If there is a decent way to detect instability that would be my option. Or checking condition number after the detection of instability (assuming that it is feasible)?

AFAIK, the condition number is the best way to detect an unstable RBF interpolant, despite its limitations.

ilayn commented 3 years ago

I could divide K by its maximum absolute value (and then correspondingly scale the solution for a), which reduces the condition number and makes it a more accurate indicator of whether the solution for a and b is stable. However, it is quite a bit of extra work to normalize K, and it seems like there should be a smarter solution.

If I understand you correctly you are looking at scipy.linalg.matrix_balance. That is used by practically all eigenvalue problems as a preconditioner

treverhines commented 3 years ago

If I understand you correctly you are looking at scipy.linalg.matrix_balance. That is used by practically all eigenvalue problems as a preconditioner

That sounds almost like what I am talking about, except I am normalizing a block rather than rows/columns. Here is an example of a system that is well-posed but has a poor condition number:

K = 1e10*np.random.random((5, 5))
P = np.random.random((5, 2))
d = np.random.random((5,))
LHS = np.block([[K, P], [P.T, np.zeros((2, 2))]])
rhs = np.hstack((d, np.zeros((2,))))

np.linalg.cond(LHS) gives me about 3.4e21. When I run scipy.linalg.matrix_balance on LHS, it gives me the same matrix back. In my above comment, I was suggesting normalizing the K block in LHS as

scale = np.max(np.abs(LHS[:5, :5]))
LHS[:5, :5] /= scale

which gives me a condition number of about 155.0 for LHS. I then scale the solution as

soln = np.linalg.solve(LHS, rhs)
a, b = soln[:5], soln[5:]
a /= scale

I am not happy with this rescaling approach because it is a lot of extra work to give a nicer condition number, but it does not make the solution any more stable (the solution with and without rescaling are equal to within about 1e-14).

ilayn commented 3 years ago

That's expected since your conditioning comes from the structure of the problem which is essentially

[ 1e10  1 ] [a]   [d]
[ 1     0 ] [b] = [0]

which is more or less equivalent to

[ 1      1e-10 ] [a]   [e]
[ 1e-10      0 ] [b] = [0]

This is destined to be ill-conditioned if you don't do the extra work.

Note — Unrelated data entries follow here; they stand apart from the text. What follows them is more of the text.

(* Let $q$ be a prime power, let $k\geq 2$ and $r>4$ be integers, let $n=rk$, and let $e=\lceil r/4\rceil-1$. Let $\gamma\in\mathbb{F}_{q^n}$ be a root of an irreducible polynomial of degree $r$ over $\mathbb{F}_{q^k}$. For every $\delta\in\mathbb{F}_{q^k}$ and every integer $l$ with $2\leq l\leq e+1$, the $\mathbb{F}_q$-subspace $$U_{\delta,l}=\{a+u\gamma+(u^q+\delta u)\gamma^{l}\mid a\in\mathbb{F}_q,\ u\in\mathbb{F}_{q^k}\}$$ of $\mathbb{F}_{q^n}$ is a Sidon space.
   Context: An $\mathbb{F}_q$-subspace $U$ of $\mathbb{F}_{q^n}$ is a Sidon space if for all nonzero $a,b,c,d\in U$, $ab=cd$ implies $\{a\mathbb{F}_q,b\mathbb{F}_q\}=\{c\mathbb{F}_q,d\mathbb{F}_q\}$. *)

From mathcomp Require Import all_boot all_order all_algebra all_field.
Set Implicit Arguments. Unset Strict Implicit. Unset Printing Implicit Defensive.
Import GRing.Theory.
Local Open Scope ring_scope.

(* Subfield F_{q^m} of a finite field L (of characteristic p, q a power of p):
   the elements fixed by x |-> x^(q^m). *)
Definition subF (L : finFieldType) (Q : nat) : {set L} := [set x : L | x ^+ Q == x].

Definition prime_power (q : nat) : Prop := exists p m : nat, prime p /\ (0 < m)%N /\ q = (p ^ m)%N.

Definition irreducible_over (L : fieldType) (S : {pred L}) (p : {poly L}) : Prop :=
  p \is a polyOver S /\ (1 < size p)%N /\
  forall a b : {poly L}, a \is a polyOver S -> b \is a polyOver S -> p = a * b ->
    size a = 1%N \/ size b = 1%N.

Otherwise you are practically solving b = d and contribution of a can be neglected

ev-br commented 2 years ago

So what would be a conclusion here Trever, Ilhan, Pamphille?

ilayn commented 2 years ago

Unfortunately, this is a structural problem and whatever is going to be implemented will solve some of the cases and leave the rest out. Hence, if there is a sweet spot between performance and convenience, I am OK with whatever the consumers of this tool choose. I laid out a generic linear algebra issue and I don't want to claim that I knew anything about RBFInterpolator when I typed things above. In general, it seems to me, that some tweaking is unavoidable nevertheless.